Author: Tomoki Hayashi ([@kan-bayashi](https://github.com/kan-bayashi)), Airenas Vaičiūnas

## Installation

In [None]:
# NOTE: pip shows imcompatible errors due to preinstalled libraries but you do not need to care
!pip install -q espnet==0.9.5 parallel_wavegan==0.4.8

## Single speaker model demo

### Model Selection

In [None]:
###################################
#          SABINA MODELS         #
###################################
fs, lang = 22050, "Lithuanian"
tag_dir= "/home/avaiciunas/gfs/tts/espnet/egs2/sabina/tts1/p-03/exp/tts_train_raw_phn_none"
tag = "1epoch.pth"

vocoder_tag = "ljspeech_parallel_wavegan.v1"
vocoder_path=("/home/avaiciunas/gfs/tts/ParallelWaveGAN/egs/sabina/voc1/exp/" 
    "train_nodev_ljspeech_parallel_wavegan.v3/checkpoint-710000steps.pkl")



### Model Setup

In [15]:
import time
import torch
from espnet2.bin.tts_inference import Text2Speech
from parallel_wavegan.utils import download_pretrained_model
from parallel_wavegan.utils import load_model
mf = {'train_config': tag_dir + '/config-run.yaml',
 'model_file': tag_dir + "/" + tag}
dev="cpu"
text2speech = Text2Speech(
    **mf,
    device=dev,
    # Only for Tacotron 2
    threshold=0.5,
    minlenratio=0.0,
    maxlenratio=10.0,
    use_att_constraint=False,
    backward_window=1,
    forward_window=3,
    # Only for FastSpeech & FastSpeech2
    speed_control_alpha=1.0,
)
text2speech.spc2wav = None  # Disable griffin-lim
# NOTE: Sometimes download is failed due to "Permission denied". That is 
#   the limitation of google drive.
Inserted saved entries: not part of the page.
(* Let $\varphi$ be a flow on a locally compact metric space $X$, let $S\subset X$ be a nonempty compact invariant set, and let $\mathcal M=\{M_p\mid p\in\mathbb P\}$ be a finite indexed family of mutually disjoint isolated invariant sets in $S$. The following are equivalent: (i) $\mathcal M$ is a Morse predecomposition of $S$; (ii) there exists a family $\{N_p\mid p\in\mathbb P\}$ of mutually disjoint isolating neighborhoods in $S$ such that $M_p=\operatorname{Inv}N_p$ for every $p$, and for every full solution $\gamma$ in $S$ there exist $p,q\in\mathbb P$ such that $\gamma$ wades through $N_p$ in minus infinity and wades through $N_q$ in plus infinity.
   Context: A full solution is a map $\gamma:\mathbb R\to X$ with $\gamma(s+t)=\varphi(\gamma(s),t)$; it is in $S$ if its image lies in $S$. $\alpha(\gamma)=\bigcap_{t<0}\operatorname{cl}\gamma((-\infty,t])$, $\omega(\gamma)=\bigcap_{t>0}\operatorname{cl}\gamma([t,\infty))$. $\operatorname{Inv}N=\{x\in N\mid\varphi(x,\mathbb R)\subset N\}$; invariant means $\operatorname{Inv}$ of itself. Isolating neighborhoods and isolated invariant sets ''in $S$'' refer to the flow restricted to $S$: a compact $N\subset S$ is an isolating neighborhood if $\operatorname{Inv}N\subset\operatorname{int}_S N$; isolated invariant sets are those of the form $\operatorname{Inv}N$ for such $N$. A full solution $\gamma$ in $S$ is a link from $S_1$ to $S_2$ if $\alpha(\gamma)\cap S_1\ne\emptyset\ne\omega(\gamma)\cap S_2$. A Morse predecomposition of $S$ is an indexed family of mutually disjoint closed invariant subsets $\{M_p\mid p\in\mathbb P\}$ of $S$ such that every full solution in $S$ is a link from $M_p$ to $M_q$ for some $p,q$. A full solution $\gamma$ wades through $N$ in plus infinity if there are real sequences $(t^-_n),(t^+_n)$ with $t^-_n\to+\infty$, $t^+_n-t^-_n\to+\infty$ and $\gamma([t^-_n,t^+_n])\subset N$ for all $n$; it wades through $N$ in minus infinity if there are such sequences with $t^+_n\to-\infty$, $t^+_n-t^-_n\to+\infty$ and $\gamma([t^-_n,t^+_n])\subset N$ for all $n$. *)

From HB Require Import structures.
From mathcomp Require Import all_boot all_order all_algebra.
From mathcomp Require Import all_classical all_reals all_analysis.
Set Implicit Arguments. Unset Strict Implicit. Unset Printing Implicit Defensive.
Import Order.TTheory GRing.Theory Num.Theory.
Import numFieldTopology.Exports.
Local Open Scope classical_set_scope.
Local Open Scope ring_scope.

Section Flows.
Context {R : realType} {X : topologicalType}.

Definition is_flow (phi : X -> R -> X) : Prop :=
  [/\ continuous (fun p : X * R => phi p.1 p.2),
      (forall x, phi x 0 = x) &
      (forall x s t, phi (phi x s) t = phi x (s + t))].

Definition full_solution (phi : X -> R -> X) (gamma : R -> X) : Prop :=
  forall s t, gamma (s + t) = phi (gamma s) t.

Definition full_solution_in (phi : X -> R -> X) (S : set X) (gamma : R -> X) : Prop :=
  full_solution phi gamma /\ (forall t, S (gamma t)).

Definition alpha_limit (gamma : R -> X) : set X :=
  \bigcap_(t in [set t : R | t < 0]) closure (gamma @` [set s | s <= t]).

Definition omega_limit (gamma : R -> X) : set X :=
  \bigcap_(t in [set t : R | 0 < t]) closure (gamma @` [set s | t <= s]).
Lemma binomial_linearization c1 c2 (w1 w2 : word) n (A : nat -> bool) :
  size w1 = n.+1 -> size w2 = n.+1 ->
  (forall f, c1 *: weval mul f w1 + c2 *: weval mul f w2 = 0) ->
  forall x y : R,
    \sum_(i < n.+1) (c1 * (A (nth 0%N w1 i))%:R + c2 * (A (nth 0%N w2 i))%:R)
      *: weval mul (fun k => if k == 0%N then x else y) (plin_word n i) = 0.
Proof.
move=> s1 s2 w_id x y.
have s1_gt0 : (0 < size w1)%N by rewrite s1.
have s2_gt0 : (0 < size w2)%N by rewrite s2.
pose v k := c1 *: lin_coef x y A w1 k + c2 *: lin_coef x y A w2 k.
have v_root l : \sum_(k < n.+2) l ^+ k *: v k = 0.
  rewrite -[RHS](w_id (lin_subst x y A l)) !weval_lin_subst // s1 s2.
  rewrite !scaler_sumr -big_split; apply: eq_bigr => k _.
  by rewrite scalerDr !scalerA mulrC [c2 * _]mulrC.
have := poly_eq0_coef K_inf R_tf v_root (isT : 1 < n.+2)%N.
rewrite /v !lin_coef1 // s1 s2 /= => v1_eq0; rewrite -[RHS]v1_eq0.
rewrite !scaler_sumr -big_split; apply: eq_bigr => i _.
by rewrite scalerDl -!scalerA; case: (A _); case: (A _); rewrite ?scale1r ?scale0r ?scaler0.
Qed.

Lemma binomial_plin_const c1 c2 (w1 w2 : word) n :
  size w1 = n.+1 -> size w2 = n.+1 ->
  (forall f, c1 *: weval mul f w1 + c2 *: weval mul f w2 = 0) -> c1 + c2 != 0 ->
  partial_linear_identity mul n (fun=> c1 + c2).
Proof.
move=> s1 s2 w_id c12; split; first by exists 0%N.
by move=> x y; have := binomial_linearization (fun=> true) s1 s2 w_id x y; rewrite !mulr1.
Qed.

Lemma vanishing_word_plin (u : word) : (0 < size u)%N ->
  (forall f, weval mul f u = 0) -> partial_linear_identity mul (size u).-1 (fun=> 1).
Proof.
move=> su u0; have su' : size u = (size u).-1.+1 by rewrite prednK.
have := @binomial_plin_const 1 0 u u _ su' su'; rewrite addr0 oner_neq0; apply => // f.
by rewrite u0 !scaler0 addr0.
Qed.
Lemma pdeg_cons x y r v : x \notin y :: r ->
  pdeg [:: x, y & r] v = ((v == x) || (v == y)) + pdeg (y :: r) v.
Proof.
move=> xr; have xy_new : [set x; y] \notin pedges (y :: r).
  by apply: contra xr => /mem_pedges; apply; rewrite !inE eqxx.
rewrite /pdeg pedges_cons; set Ev := [set E in pedges (y :: r) | v \in E].
case vxy: ((v == x) || (v == y)).
  rewrite (_ : [set E in _ | _] = [set x; y] |: Ev) ?cardsU1 ?inE ?(negbTE xy_new) //.
  by apply/setP => E; rewrite !inE; case: eqP => [-> | _] //=; rewrite !inE vxy.
rewrite add0n; apply: eq_card => E; rewrite !inE.
by case: eqP => [-> | _] //=; rewrite !inE vxy andbF.
Qed.

Lemma pdeg_size1 p v : size p <= 1 -> pdeg p v = 0.
Proof.
by move/pedges_size1 => p_nil; rewrite /pdeg p_nil; apply: eq_card0 => E; rewrite !inE.
Qed.

Lemma odd_pdeg p v : uniq p -> odd (pdeg p v) = endpoint p v.
Proof.
rewrite /endpoint; case: p => [|x r] /=; first by rewrite pdeg_size1 ?addbb.
elim: r x => [|y r IHr] x /= uniq_xr; first by rewrite pdeg_size1 ?addbb.
case/andP: uniq_xr => xr uniq_r.
rewrite pdeg_cons // oddD IHr //=.
have xy : x != y by apply: contraNneq xr => ->; rewrite mem_head.
case: (eqVneq v x) => [-> | _]; first by rewrite (negbTE xy).
by case: (v == y); case: (v == last y r).
Qed.

Lemma card_odd_pdeg p : uniq p -> #|[set v | odd (pdeg p v)]| <= 2.
Proof.
case: p => [|x r] uniq_p.
  rewrite (_ : [set v | _] = set0) ?cards0 //.
  by apply/setP => v; rewrite !inE pdeg_size1.
apply: leq_trans (subset_leq_card (_ : _ \subset [set x; last x r])) _.
  apply/subsetP => v; rewrite !inE odd_pdeg // /endpoint /=.
  by case: (v == x); case: (v == last x r).
by rewrite cards2 ltnS leq_b1.
Qed.

Variable e : rel T.
Hypotheses (esym : symmetric e) (eirr : irreflexive e).
Lemma absdev_le N b b' : `|2 * b + N%:Z - 1| <= `|2 * b' + N%:Z - 1| ->
  absdev N b <= absdev N b'.
Proof.
have fold_center x : exists y, [/\ absdev N x = absdev N y, 0 <= 2 * y + N%:Z - 1 &
    `|2 * y + N%:Z - 1| = `|2 * x + N%:Z - 1|].
  case: (lerP 0 (2 * x + N%:Z - 1)) => hx; first by exists x.
  by exists (1 - N%:Z - x); rewrite -absdev_sym; split=> //; lia.
move=> le_bb'; have [y [-> hy ey]] := fold_center b; have [y' [-> hy' ey']] := fold_center b'.
by apply: absdev_mono => //; lia.
Qed.

Lemma absdev_oppn P : absdev P.+1 (- P%:Z) = 'C(P + 1, 2)%:Z.
Proof.
elim: P => [|P IH]; first by rewrite /absdev big_nat1 subrr normr0 bin_small.
rewrite /absdev big_nat_recl // (eq_big_nat _ _ (F2 := fun i => `|i%:Z + - P%:Z|)).
  by rewrite -/(absdev _ _) IH !addn1 [in RHS]binS bin1; lia.
by move=> i _; lia.
Qed.

Lemma absdev_oppn_add P Q : absdev (P + Q).+1 (- P%:Z) = 'C(P + 1, 2)%:Z + 'C(Q + 1, 2)%:Z.
Proof.
elim: Q => [|Q IH]; first by rewrite addn0 absdev_oppn [X in _ + X%:Z]bin_small // addr0.
rewrite /absdev big_nat_recr //= -/(absdev _ _) addnS IH.
by rewrite !addn1 (binS Q.+1 1) bin1; lia.
Qed.

Lemma mulz_nat_ge0_or_le_oppn (c : int) (n : nat) : 0 <= c * n%:Z \/ c * n%:Z <= - n%:Z.
Proof. by case: (lerP 0 c) => hc; [left | right]; nia. Qed.

Lemma dist_u0v n m : (1 < n)%N -> (n <= m)%N ->
  dist n (u0v n m) (zero_v m) ('C((m + n)./2 + 1, 2) + 'C(uphalf (m - n) + 1, 2))%N.
Proof.
move=> n1 le_nm; rewrite /u0v.
move eF : (m + n)./2 => F; move eg : (uphalf (m - n)) => g; move ef : ((m - n)./2) => f.
pose h j := j%:Z - F%:Z.
have sum_h : absdev m.+1 (- F%:Z) = ('C(F + 1, 2) + 'C(g + 1, 2))%N%:Z.
  by rewrite (_ : m = F + g) ?absdev_oppn_add //; lia.
have -> : mk_v n m (- f%:Z) (fun _ => 1) = vtx_of_height n m h.
  apply: mk_v_vtx_of_height => [| j /andP[j0 _]]; last by rewrite /h; lia.
  by apply/eq_modzP; exists (-1); rewrite /h; lia.
apply: (dist_vtx_of_height _ _ sum_h); [lia | by move=> j _; rewrite /h; lia |].
move=> c; rewrite -sum_h (_ : \sum_(0 <= i < m.+1) _ = absdev m.+1 (- F%:Z - c * n%:Z)).
  by apply: absdev_le; case: (mulz_nat_ge0_or_le_oppn c n); lia.
by apply: eq_big_nat => i _; rewrite /h; congr `|_|; ring.
Qed.
(* There is a meager set $M\subseteq(\omega^\omega)^2$ such that for every superperfect tree $T\subseteq\omega^{<\omega}$ there are $f\neq g$ in $[T]$ with $\langle f,g\rangle\in M$.
   Context: A tree $T\subseteq\omega^{<\omega}$ is superperfect if for every $\sigma\in T$ there is $\tau\supseteq\sigma$ in $T$ such that $\tau^\frown\langle n\rangle\in T$ for infinitely many $n$; $[T]$ is the set of infinite branches of $T$. *)

From mathcomp Require Import all_boot all_order all_algebra.
From mathcomp Require Import all_classical all_reals all_analysis.
Set Implicit Arguments. Unset Strict Implicit. Unset Printing Implicit Defensive.
Local Open Scope classical_set_scope.

(* Baire space omega^omega : product topology of the discrete space nat. *)
Definition baire := {ptws nat -> nat}.

Definition nowhere_dense (X : topologicalType) (A : set X) : Prop :=
  interior (closure A) = set0.

Definition meager (X : topologicalType) (A : set X) : Prop :=
  exists N : nat -> set X,
    (forall n, nowhere_dense (N n)) /\ A `<=` \bigcup_n N n.

Definition is_tree (T : set (seq nat)) : Prop :=
  T [::] /\ forall s t : seq nat, prefix s t -> T t -> T s.

Definition body (T : set (seq nat)) : set baire :=
  [set f | forall n : nat, T (mkseq f n)].

Definition superperfect (T : set (seq nat)) : Prop :=
  is_tree T /\
  forall sigma, T sigma ->
    exists tau, T tau /\ prefix sigma tau /\
      infinite_set [set n : nat | T (rcons tau n)].

(* Let R_k = [reaches_from k] be the set of pairs (f, g) such that for every
   n >= k some m <= n has max (f m) (g m) >= n.  Each R_k is closed, and it has
   empty interior: truncating f and g to finitely many nonzero values gives
   nearby pairs whose values are bounded.  So the union of the R_k is meager.
   In a superperfect tree, grow two branches alternately through infinitely
   splitting nodes: when one branch passes a splitting node at level p, it
   takes there a successor at least the level of the next splitting node above
   the other branch.  The intervals [p, successor] then cover every n beyond
   the first splitting level, where the two branches are chosen to differ. *)

From mathcomp Require Import all_boot all_order all_algebra.
From mathcomp Require Import all_classical all_reals all_analysis.

Set Implicit Arguments.
Unset Strict Implicit.
Unset Printing Implicit Defensive.

Local Open Scope classical_set_scope.

Lemma near_agree (f : baire) (n : nat) :
  \forall g \near f, forall i, i < n -> g i = f i.
Proof.
have agree_at (i : nat) : \forall g \near f, g i = f i.
  have cvg_i : (fun g : baire => g i) @ f --> f i.
    exact: (@proj_continuous nat (fun=> nat) i f).
  (* [nat] is discrete: a neighbourhood of [v] is any set containing [v]. *)
  by apply: (cvg_i (fun v => v = f i)); move=> ? ->.
have : \forall g \near f, forall i : 'I_n, (g : baire) i = f i.
  exact: (@filter_forall baire 'I_n (fun i (g : baire) => g i = f i) (nbhs f) _
          (fun i => agree_at i)).
by apply: filterS => g agree i lt_in; exact: (agree (Ordinal lt_in)).
Qed.

Lemma near_agree_pair (x : baire * baire) (n : nat) :
  \forall y \near x, forall i, i < n -> y.1 i = x.1 i /\ y.2 i = x.2 i.
Proof.
have agree1 : \forall y \near x, forall i, i < n -> y.1 i = x.1 i.
  exact: cvg_fst (near_agree x.1 n).
have agree2 : \forall y \near x, forall i, i < n -> y.2 i = x.2 i.
  exact: cvg_snd (near_agree x.2 n).
by apply: filterS2 agree1 agree2 => y a1 a2 i lt_in; rewrite a1 ?a2.
Qed.

Definition trunc (j : nat) (f : baire) : baire := fun i => if i < j then f i else 0.

Lemma trunc_cvg (f : baire) : trunc^~ f @ \oo --> f.
Proof.
apply/pointwise_cvgP => i; apply: cvg_near_cst.
by exists i.+1 => // j /= ij; rewrite /trunc ij.
Qed.

Definition reaches_from (k : nat) : set (baire * baire) :=
  [set x | forall n, k <= n -> exists2 m, m <= n & n <= maxn (x.1 m) (x.2 m)].

Lemma closed_reaches_from k : closed (reaches_from k).
Proof.
move=> x x_cl n le_kn.
have [y [reach_y agree]] := x_cl _ (near_agree_pair x n.+1).
have [m le_mn] := reach_y n le_kn.
by have [-> ->] := agree m le_mn; exists m.
Qed.

Lemma nowhere_dense_reaches_from k : nowhere_dense (reaches_from k).
Proof.
rewrite /nowhere_dense -(closure_id _).1; last exact: closed_reaches_from.
rewrite -subset0 => -[f g] reach_near_fg.
have trunc_fg_cvg : (fun j => (trunc j f, trunc j g)) @ \oo --> (f, g).
  exact: cvg_pair (@trunc_cvg f) (@trunc_cvg g).
have [j _ reach_trunc] := trunc_fg_cvg _ reach_near_fg.
pose B := \max_(i < j) maxn (f i) (g i).
have [m _] := reach_trunc j (leqnn j) (k + B.+1) (leq_addr _ _).
rewrite /trunc /=; case: ifP => [lt_mj|_]; last by rewrite maxnn leqn0 addnS.
have le_B : maxn (f m) (g m) <= B.
  exact: (@leq_bigmax _ (fun i : 'I_j => maxn (f i) (g i)) (Ordinal lt_mj)).
by move/leq_trans/(_ le_B); rewrite addnS ltnNge leq_addl.
Qed.

Lemma nth_prefix (T : eqType) (x0 : T) (s t : seq T) i :
  prefix s t -> i < size s -> nth x0 t i = nth x0 s i.
Proof. by move=> /prefixP [u ->] lt_is; rewrite nth_cat lt_is. Qed.

Section ChainLimit.

Variable Y : nat -> seq nat.
Hypothesis Y_prefix : forall j, prefix (Y j) (Y j.+1).
Hypothesis Y_size : forall j, j < size (Y j).

Definition chain_lim : baire := fun i => nth 0 (Y i) i.

Lemma chain_prefix (i j : nat) : i <= j -> prefix (Y i) (Y j).
Proof. exact: homo_leq (@prefix_refl _) (@prefix_trans _) Y_prefix i j. Qed.

Lemma nth_chain_lim j i : i < size (Y j) -> nth 0 (Y j) i = chain_lim i.
Proof.
move=> lt_i_Yj; rewrite /chain_lim; case: (leqP j i) => [le_ji|lt_ij].
  by rewrite (nth_prefix _ (chain_prefix le_ji)).
by rewrite (nth_prefix _ (chain_prefix (ltnW lt_ij))).
Qed.

Lemma chain_lim_prefix n : prefix (mkseq chain_lim n) (Y n).
Proof.
have le_n_Yn : n <= size (Y n) by exact: ltnW.
rewrite prefixE size_mkseq; apply/eqP/(@eq_from_nth _ 0).
  by rewrite size_take_min size_mkseq (minn_idPl le_n_Yn).
move=> i; rewrite size_take_min (minn_idPl le_n_Yn) => lt_in.
by rewrite nth_take // nth_mkseq // nth_chain_lim // (leq_trans lt_in).
Qed.

Lemma body_chain_lim (T : set (seq nat)) :
  is_tree T -> (forall j, T (Y j)) -> body T chain_lim.
Proof. move=> [_ T_prefix] TY n; exact: T_prefix (chain_lim_prefix n) (TY n). Qed.

End ChainLimit.

Section Interleaving.

Variable T : set (seq nat).
Hypothesis T_tree : is_tree T.
Variable splitting : seq nat -> seq nat.
Hypothesis splittingP : forall s, T s -> T (splitting s) /\ prefix s (splitting s).
Variable child : seq nat -> nat -> nat.
Hypothesis childP : forall s L, T s -> T (rcons (splitting s) (child s L)) /\ L <= child s L.

Definition grow (s : seq nat) (L : nat) := rcons (splitting s) (child s L).

Lemma T_grow s L : T s -> T (grow s L).
Proof. move=> Ts; exact: (childP L Ts).1. Qed.

Lemma prefix_grow s L : T s -> prefix s (grow s L).
Proof. by move=> /splittingP [_ pre]; apply: prefix_trans pre (prefix_rcons _ _). Qed.

Lemma size_grow s L : T s -> size s < size (grow s L).
Proof. by move=> /splittingP [_ /size_prefix]; rewrite size_rcons ltnS. Qed.

Lemma nth_grow s L : nth 0 (grow s L) (size (splitting s)) = child s L.
Proof. by rewrite nth_rcons ltnn eqxx. Qed.

Definition root_left := grow [::] 0.
(* Above [child [::] 0], so that the two branches differ. *)
Definition root_right := grow [::] (maxn (size (splitting root_left)) (child [::] 0).+1).

Fixpoint node_pair (j : nat) : seq nat * seq nat :=
  if j is j'.+1 then
    let p := node_pair j' in (p.2, grow p.1 (size (splitting p.2)))
  else (root_left, root_right).

Definition node (j : nat) : seq nat := (node_pair j).1.

Lemma nodeSS j : node j.+2 = grow (node j) (size (splitting (node j.+1))).
Proof. by []. Qed.

Lemma T_node j : T (node j).
Proof.
suff T_node2 : T (node j) /\ T (node j.+1) by case: T_node2.
elim: j => [|j [T_j T_j1]]; last by split; [|rewrite nodeSS; apply: T_grow].
by split; apply: T_grow; case: T_tree.
Qed.

Definition covered_by (s : seq nat) (n : nat) :=
  exists2 m, m <= n & m < size s /\ n <= nth 0 s m.

Lemma covered_by_prefix s t n : prefix s t -> covered_by s n -> covered_by t n.
Proof.
move=> le_st [m le_mn [lt_ms le_n]]; exists m => //; split.
  exact: leq_trans lt_ms (size_prefix le_st).
by rewrite (nth_prefix _ le_st).
Qed.

Lemma node_covers j n : size (splitting [::]) <= n <= size (splitting (node j)) ->
  covered_by (node j) n \/ covered_by (node j.+1) n.
Proof.
elim: j n => [|j IH] n /andP [le_root le_n_split].
  right; exists (size (splitting [::])) => //.
  rewrite /node /= /root_right nth_grow size_rcons; split => //.
  apply: leq_trans le_n_split (leq_trans (leq_maxl _ _) (childP _ T_tree.1).2).
have [le_n_split_j|lt_split_j_n] := leqP n (size (splitting (node j))).
  have [cov_j|cov_j1] := IH n (introT andP (conj le_root le_n_split_j)); last by left.
  by right; rewrite nodeSS; apply: covered_by_prefix (prefix_grow _ (T_node j)) cov_j.
right; exists (size (splitting (node j))); first exact: ltnW.
rewrite nodeSS nth_grow size_rcons; split => //.
exact: leq_trans le_n_split (childP _ (T_node j)).2.
Qed.

Definition branch (r : nat) : baire := chain_lim (fun j => node (r + j.*2)).

Lemma prefix_branch_nodes r j : prefix (node (r + j.*2)) (node (r + j.+1.*2)).
Proof. by rewrite doubleS !addnS; apply: prefix_grow; apply: T_node. Qed.

Lemma size_branch_nodes r j : j < size (node (r + j.*2)).
Proof.
elim: j => [|j IH].
  by rewrite addn0; case: r => [|[|r]]; rewrite /node /= /grow size_rcons.
by rewrite doubleS !addnS nodeSS; apply: leq_ltn_trans IH (size_grow _ (T_node _)).
Qed.

Lemma body_branch r : body T (branch r).
Proof.
exact: (body_chain_lim (@prefix_branch_nodes r) (@size_branch_nodes r) T_tree
  (fun j => T_node _)).
Qed.

Lemma nth_branch r j i :
  i < size (node (r + j.*2)) -> nth 0 (node (r + j.*2)) i = branch r i.
Proof. exact: (nth_chain_lim (@prefix_branch_nodes r) (@size_branch_nodes r)). Qed.

Lemma branch0_neq_branch1 : branch 0 <> branch 1.
Proof.
move=> /(congr1 (fun f : baire => f (size (splitting [::])))).
rewrite -(@nth_branch 0 0) -?(@nth_branch 1 0) /node /= ?nth_grow ?size_rcons //.
move=> eq_child.
have := (childP (maxn (size (splitting root_left)) (child [::] 0).+1) T_tree.1).2.
by rewrite -eq_child geq_max ltnn andbF.
Qed.

Lemma reaches_from_branches : reaches_from (size (splitting [::])) (branch 0, branch 1).
Proof.
move=> n le_root_n.
have le_n_split : n <= size (splitting (node n.*2)).
  exact: leq_trans (ltnW (size_branch_nodes 0 n)) (size_prefix (splittingP (T_node _)).2).
have [] := node_covers (introT andP (conj le_root_n le_n_split)).
  move=> [m le_mn [lt_m le_n]]; exists m => //.
  by rewrite /= leq_max -(@nth_branch 0 n _ lt_m) le_n.
move=> [m le_mn [lt_m le_n]]; exists m => //.
by rewrite /= leq_max -(@nth_branch 1 n _ lt_m) le_n orbT.
Qed.

End Interleaving.

Lemma infinite_set_nat_unbounded (A : set nat) (L : nat) :
  infinite_set A -> exists2 x, A x & L <= x.
Proof.
move=> /infinite_setD/(_ (finite_II L))/infinite_setN0 [x [Ax /negP]].
by rewrite -leqNgt; exists x.
Qed.

Lemma superperfect_choice (T : set (seq nat)) : superperfect T ->
  exists (splitting : seq nat -> seq nat) (child : seq nat -> nat -> nat),
    (forall s, T s -> T (splitting s) /\ prefix s (splitting s)) /\
    (forall s L, T s -> T (rcons (splitting s) (child s L)) /\ L <= child s L).
Proof.
move=> [_ T_sp].
have splitting_above s : exists t, T s ->
    [/\ T t, prefix s t & infinite_set [set n | T (rcons t n)]].
  have [/T_sp [t [T_t [pre_st inf_t]]]|notT_s] := pselect (T s); first by exists t.
  by exists s => /notT_s.
have [splitting splittingP] := choice splitting_above.
have child_above (p : seq nat * nat) : exists x, T p.1 ->
    T (rcons (splitting p.1) x) /\ p.2 <= x.
  case: p => s L; have [/splittingP [_ _ inf_s]|notT_s] := pselect (T s); last first.
    by exists 0 => /notT_s.
  by have [x T_x le_Lx] := infinite_set_nat_unbounded L inf_s; exists x.
have [child childP] := choice child_above.
exists splitting, (fun s L => child (s, L)); split => [s /splittingP [] //|s L T_s].
exact: (childP (s, L)).
Qed.

Theorem proposition5p3 :
  exists M : set (baire * baire)%type,
    meager M /\
    forall T : set (seq nat), superperfect T ->
      exists f g : baire, body T f /\ body T g /\ f <> g /\ M (f, g).
Proof.
exists (\bigcup_k reaches_from k); split.
  by exists reaches_from; split; [exact: nowhere_dense_reaches_from|].
move=> T T_sp; have [T_tree _] := T_sp.
have [splitting [child [splittingP childP]]] := superperfect_choice T_sp.
exists (branch splitting child 0), (branch splitting child 1).
split; first exact: body_branch.
split; first exact: body_branch.
split; first exact: (branch0_neq_branch1 T_tree splittingP childP).
exists (size (splitting [::])) => //.
exact: (reaches_from_branches T_tree splittingP childP).
Qed.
Please retry after serveral hours.
# vocoder = load_model(download_pretrained_model(vocoder_tag)).to(dev).eval()
vocoder = load_model(vocoder_path).to(dev).eval()
vocoder.remove_weight_norm()

### Synthesis

In [16]:
# decide the input sentence by yourself
x = ("sil s t ai g \"a k a Z' \"i N.' k' ie n ^o: r a ^N. k o: s \"i S \"u S p a k a l' io:" 
     " u s p \"au d' E: j \"e: m. a k' \"i s i ^r. t ^ai p' n' e t' i k' \"E: t ai ,"
     " k \"a t' j \"i s' n' ^e: t k r \"u: p' t' e l' E: j io: . sil")
# synthesis
with torch.no_grad():
    start = time.time()
    wav, c, *_ = text2speech(x)
    wav = vocoder.inference(c)
rtf = (time.time() - start) / (len(wav) / fs)
print(f"RTF = {rtf:5f}")

# let us listen to generated samples
from IPython.display import display, Audio
display(Audio(wav.view(-1).cpu().numpy(), rate=fs))

RTF = 2.223634